Now we have seen some of this in data from standardized tests, but keep in mind it's like if your goal is just standardized test improvement, there's ways to do that. We could just literally by rote just practice a whole lot based on the very specific question types that go on those assessments. You're going to see some improvement. But do kids actually have mathematical proficiency? If that's what you're after, then it's a much, much bigger play and it's a longer term game. So to answer your question, there's lots of time being spent on it, but my wonder is how good we, how effective are we as educators in actually setting goals and then back mapping towards smaller goals that can be monitored and sort of looked at these small increments?
Because again, the problem is is that if I set a goal that I'm going to run a marathon, and we've used this example before, and all we say is that by the end of this year I'm going to run a marathon, and I don't actually sit down and think about all of the details that are going to be involved, my sleep habits, my time of day, all of those things. If we don't do all of those little details and if we don't work to get little parts of the detail and monitor those pieces and we just sort of throw them all in a hat and expect them all to happen, it's probably not going to happen. So it's a big process.
Now, here's the crazy part, running a marathon, which a lot of people might be thinking like, "I'm thinking that's hard work." But honestly, I think it's a lot easier to run a marathon, to break down that process into the small steps and do those steps than it is to become mathematically proficient or work towards mathematical proficiency across an entire district. That is so much more challenging.
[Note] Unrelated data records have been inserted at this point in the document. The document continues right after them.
(* There exists an infinite strictly increasing sequence of square-primes $A_1<A_2<A_3<\cdots$ such that the P-G triangle generated by $\mathfrak u=(A_1,A_2,A_3,\dots)$ has left edge $(b_0,b_1,b_2,\dots)$ satisfying $b_j=1$ for every odd index $j\ge 1$ (that is, every other element of the left edge, starting with the second one, equals $1$).
   Context: A square-prime (SP-number) is a positive integer of the form $k^2p$ with $k\ge 2$ an integer and $p$ a prime. For a finite or infinite sequence $\mathfrak u=(a_0,a_1,\dots)$ of non-negative integers, the P-G triangle generated by $\mathfrak u$ consists of the numbers $d_k^{(j)}$ defined by $d_k^{(0)}=a_k$ and $d_k^{(j+1)}=|d_{k+1}^{(j)}-d_k^{(j)}|$ for $j,k\ge 0$ (for a finite sequence $(a_0,\dots,a_{N-1})$ these are defined for $0\le k\le N-1-j$). Its left (western) edge is the sequence $b_j=d_0^{(j)}$, $j\ge 0$ (so $b_0=a_0$). *)

From mathcomp Require Import all_boot.

Definition square_prime (n : nat) : Prop :=
  exists k p : nat, 2 <= k /\ prime p /\ n = k ^ 2 * p.

Definition absdiff (x y : nat) : nat := (x - y) + (y - x).

Fixpoint pg (a : nat -> nat) (j : nat) : nat -> nat :=
  match j with
  | 0 => a
  | j'.+1 => fun k => absdiff (pg a j' k.+1) (pg a j' k)
  end.

Definition left_edge (a : nat -> nat) (j : nat) : nat := pg a j 0.

From mathcomp Require Import all_boot zify.

(* Take any sequence x_0, x_1, ... growing fast enough, namely
   (m + 4) x_m + 2^(m+2) <= x_(m+1), and interleave it with shifted copies:
   A_(2m) = x_m and A_(2m+1) = x_m + 2^m.  Row 1 of the P-G triangle is then
   2^0, Y_0(0), 2^1, Y_0(1), ... with Y_0(m) = x_(m+1) - x_m - 2^m, and an
   induction shows that every odd row 2i+1 has the same shape: 2^m at position
   2m and a fast-growing gap Y_i(m) at position 2m+1: two further difference steps
   reproduce the powers of two and replace Y_i by its own difference sequence.
   Hence the left edge is 2^0 = 1 in every odd row.
   It remains to make all A_n square-primes: for every m and every bound L we
   need x >= L with x and x + 2^m both square-primes.  Writing 2^m = c^2 2^e
   with e in {0,1}, it suffices to take x = 2^m s where 2^e s and 2^e (s + 1)
   are square-primes; such s exist, as large as desired, from the Pell-type
   equations u^2 = 6 w^2 + 1 (s = 6 w^2, e = 1) and 3 b^2 = 2 a^2 + 1
   (s = 2 a^2, e = 0). *)

Lemma square_prime_mulsq c n :
  0 < c -> square_prime n -> square_prime (c ^ 2 * n).
Proof.
move=> c_gt0 [k [p [k_ge2 [p_prime ->]]]].
exists (c * k), p; split; [nia | split=> //].
by rewrite expnMn mulnA.
Qed.

(* Solutions of u^2 = 6 w^2 + 1, obtained from (5, 2) by repeated
   multiplication by the fundamental unit 5 + 2 sqrt 6; w grows with n. *)
Definition pell6 (n : nat) : nat * nat :=
  iter n (fun p => (5 * p.1 + 12 * p.2, 2 * p.1 + 5 * p.2)) (5, 2).

Lemma pell6_spec n : (pell6 n).1 ^ 2 = 6 * (pell6 n).2 ^ 2 + 1 /\ n.+2 <= (pell6 n).2.
Proof.
elim: n => [|n]; first by [].
rewrite /pell6 iterS -/(pell6 n) /=.
case: (pell6 n) => u w /= [Hpell Hw]; split; nia.
Qed.

(* Solutions of 3 b^2 = 2 a^2 + 1, obtained from (11, 9) by the same unit;
   a grows with n while b stays >= 2. *)
Definition pell32 (n : nat) : nat * nat :=
  iter n (fun p => (5 * p.1 + 6 * p.2, 4 * p.1 + 5 * p.2)) (11, 9).

Lemma pell32_spec n :
  3 * (pell32 n).2 ^ 2 = 2 * (pell32 n).1 ^ 2 + 1 /\ n.+2 <= (pell32 n).1 /\ 2 <= (pell32 n).2.
Proof.
elim: n => [|n]; first by [].
rewrite /pell32 iterS -/(pell32 n) /=.
case: (pell32 n) => a b /= [Hpell [Ha Hb]]; split; nia.
Qed.

(* A seed s >= L such that 2^e s and 2^e (s + 1) are square-primes, where
   e = odd m is the parity of the exponent to be absorbed later. *)
Definition seed (m L : nat) : nat :=
  if odd m then 6 * (pell6 L).2 ^ 2 else 2 * (pell32 L).1 ^ 2.

Lemma seed_spec m L :
  L <= seed m L /\ square_prime (2 ^ odd m * seed m L)
               /\ square_prime (2 ^ odd m * (seed m L + 1)).
Proof.
rewrite /seed; case: (odd m) => /=.
- have [Hpell Hw] := pell6_spec L.
  split; [nia | split].
  + by exists (2 * (pell6 L).2), 3; split; [nia | split=> //; nia].
  + by exists (pell6 L).1, 2; split; [nia | split=> //; nia].
- have [Hpell [Ha Hb]] := pell32_spec L.
  split; [nia | split].
  + by exists (pell32 L).1, 2; split; [nia | split=> //; nia].
  + by exists (pell32 L).2, 3; split; [nia | split=> //; nia].
Qed.

Definition sp_base (m L : nat) : nat := 2 ^ m * seed m L.

Lemma sp_base_spec m L :
  L <= sp_base m L /\ square_prime (sp_base m L)
                   /\ square_prime (sp_base m L + 2 ^ m).
Proof.
have [HL [Hs Hs1]] := seed_spec m L.
have split_pow : 2 ^ m = (2 ^ m./2) ^ 2 * 2 ^ odd m.
  by rewrite -{1}(odd_double_half m) expnD -addnn expnD mulnn mulnC.
have pos : 0 < 2 ^ m./2 by rewrite expn_gt0.
rewrite /sp_base; split; [|split].
- by rewrite split_pow; nia.
- by rewrite split_pow -mulnA; apply: square_prime_mulsq.
- rewrite -{2}(muln1 (2 ^ m)) -mulnDr split_pow -mulnA.
  exact: square_prime_mulsq.
Qed.

Lemma pgS a j k : pg a j.+1 k = absdiff (pg a j k.+1) (pg a j k).
Proof. by []. Qed.

Lemma absdiff_ge m n : n <= m -> absdiff m n = m - n.
Proof. by rewrite /absdiff; lia. Qed.

Lemma absdiff_le m n : m <= n -> absdiff m n = n - m.
Proof. by rewrite /absdiff; lia. Qed.

Section Interleave.

(* A fast-growing sequence; the growth factor must increase with m so that
   it survives the repeated differencing of the gaps. *)
Variable x : nat -> nat.
Hypothesis x_growth : forall m, (m + 4) * x m + 2 ^ m.+2 <= x m.+1.

Definition interleave (n : nat) : nat :=
  if odd n then x n./2 + 2 ^ n./2 else x n./2.

Lemma interleave_even m : interleave m.*2 = x m.
Proof. by rewrite /interleave odd_double doubleK. Qed.

Lemma interleave_odd m : interleave m.*2.+1 = x m + 2 ^ m.
Proof. by rewrite /interleave /= odd_double /= uphalf_double. Qed.

Lemma interleave_incr n : interleave n < interleave n.+1.
Proof.
rewrite -(odd_double_half n); case: (odd n); rewrite ?add1n ?add0n.
- rewrite -doubleS interleave_even interleave_odd.
  by have := x_growth n./2; rewrite !expnS; nia.
- by rewrite interleave_odd interleave_even; have := expn_gt0 2 n./2; lia.
Qed.

Fixpoint gap (i m : nat) : nat :=
  if i is i'.+1 then gap i' m.+1 - gap i' m else x m.+1 - x m - 2 ^ m.

Lemma gap_spec i m : 2 ^ m.+1 <= gap i m /\ (m + 3) * gap i m <= gap i m.+1.
Proof.
elim: i m => [|i IH] m /=.
- have := x_growth m; have := x_growth m.+1; rewrite !expnS; nia.
- have [lo_m gr_m] := IH m; have [lo_m1 gr_m1] := IH m.+1.
  move: lo_m lo_m1; rewrite !expnS; nia.
Qed.

Lemma odd_row i m :
  pg interleave i.*2.+1 m.*2 = 2 ^ m /\ pg interleave i.*2.+1 m.*2.+1 = gap i m.
Proof.
elim: i m => [|i IH] m.
- rewrite !pgS /= interleave_odd interleave_even -doubleS interleave_even.
  have := x_growth m; rewrite !expnS => growth.
  by rewrite !absdiff_ge; [split; lia | lia | lia].
- have [e_m o_m] := IH m; have [e_m1 o_m1] := IH m.+1.
  rewrite doubleS in e_m1 o_m1.
  have [lo_m gr_m] := gap_spec i m.
  have pow_double : 2 ^ m.+1 = 2 * 2 ^ m by rewrite expnS.
  have pow_pos : 0 < 2 ^ m by rewrite expn_gt0.
  have gap_incr : gap i m <= gap i m.+1 by apply: leq_trans gr_m; nia.
  rewrite doubleS !(pgS _ i.*2.+2) !(pgS _ i.*2.+1) e_m o_m e_m1 o_m1.
  rewrite (absdiff_ge (gap i m) (2 ^ m)) ?(absdiff_le (2 ^ m.+1) (gap i m))
          ?(absdiff_ge (gap i m.+1) (2 ^ m.+1)) //; try lia.
  rewrite absdiff_le ?absdiff_ge /=; [split | |]; lia.
Qed.

Lemma interleave_left_edge j : odd j -> left_edge interleave j = 1.
Proof.
move=> j_odd; rewrite -(odd_double_half j) j_odd add1n.
by rewrite /left_edge (odd_row j./2 0).1.
Qed.

End Interleave.

(* x_m is the base of a square-prime pair, chosen above the bound that the
   growth condition demands from x_(m-1). *)
Fixpoint sp_seq (m : nat) : nat :=
  if m is m'.+1 then sp_base m ((m' + 4) * sp_seq m' + 2 ^ m'.+2) else sp_base 0 0.

Theorem theorem2p1 :
  exists A : nat -> nat,
    (forall n, square_prime (A n)) /\
    (forall n, A n < A n.+1) /\
    (forall j, odd j -> left_edge A j = 1).
Proof.
have growth m : (m + 4) * sp_seq m + 2 ^ m.+2 <= sp_seq m.+1.
  exact: (sp_base_spec _ _).1.
have pairs m : square_prime (sp_seq m) /\ square_prime (sp_seq m + 2 ^ m).
  by case: m => [|m]; exact: (sp_base_spec _ _).2.
exists (interleave sp_seq); split; [|split].
- move=> n; rewrite /interleave; case: (odd n); [exact: (pairs _).2 | exact: (pairs _).1].
- exact: interleave_incr growth.
- exact: interleave_left_edge growth.
Qed.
So I think it does come down to the planning and the process, and that's one of the things that you and I are really working so hard with all the district leads that we work with ongoing through our district improvement program. Really, that's where they get most of the, I think, benefit from the program. Of course, we help with the PD planning and all of those pieces and actual delivery, but the reality is being able to sit down as a team and actually create goals that are actually sustainable, that are actually realistic and find ways as a team to monitor those goals so that we can watch the progress over time.
Jon Orr: Yeah, I totally agree. And we often quote in reference a book called Measure What Matters from John Doerr, and he develops an OKR process, which is objectives and key results of thinking, like my big lofty goals are my objectives, but the key results are the actionable steps that we're taking that we can measure so that we can check them off that we hit this into this timeframe. So we actually help districts measure those and also develop measurement systems to monitor those goals. But Kyle, you hit the nail on the head about we want improvement, how are we going to do that? What are we going to work on this year? Are we going to work on these two to three things? And that's probably what we need to do, pick two or three things to improve upon and then set up a system of how are we going to do that?
And as a district, that's an important process. That's one of the areas that I think why leadership comes up often as the main focus from these reports that are going out to district leaders. But in a classroom teacher, Kyle, this is also true. I think we want better improvement for our students. And I think in a rudimentary way, we're using our assessments as our measuring system, was checking measurement system. But it's, a lot of times we should be setting up, what do we want to see from our students if this is a success? Is my test or is my assessment measuring other things that I want to know from my students? Like their resiliency, their ability to stick with things, their problem solving techniques, the way they're showing models. Am I looking for those things, am I measuring those things? So oftentimes as a classroom teacher, we're going to want to set what we want our objectives to be, and then what are the key results that we're looking for and how are we going to measure that come the end of the unit or come the end of the semester?
I don't think it has to just be the marks on our tests or assessments or even our standardized grading system if we're we're looking at hitting the mark on different standards, we can also be looking for these other things and seeing if we see improvement in those areas, because if we know we are improving in these areas, which are maybe not mark-driven, but that will help us achieve the other end objectives as well.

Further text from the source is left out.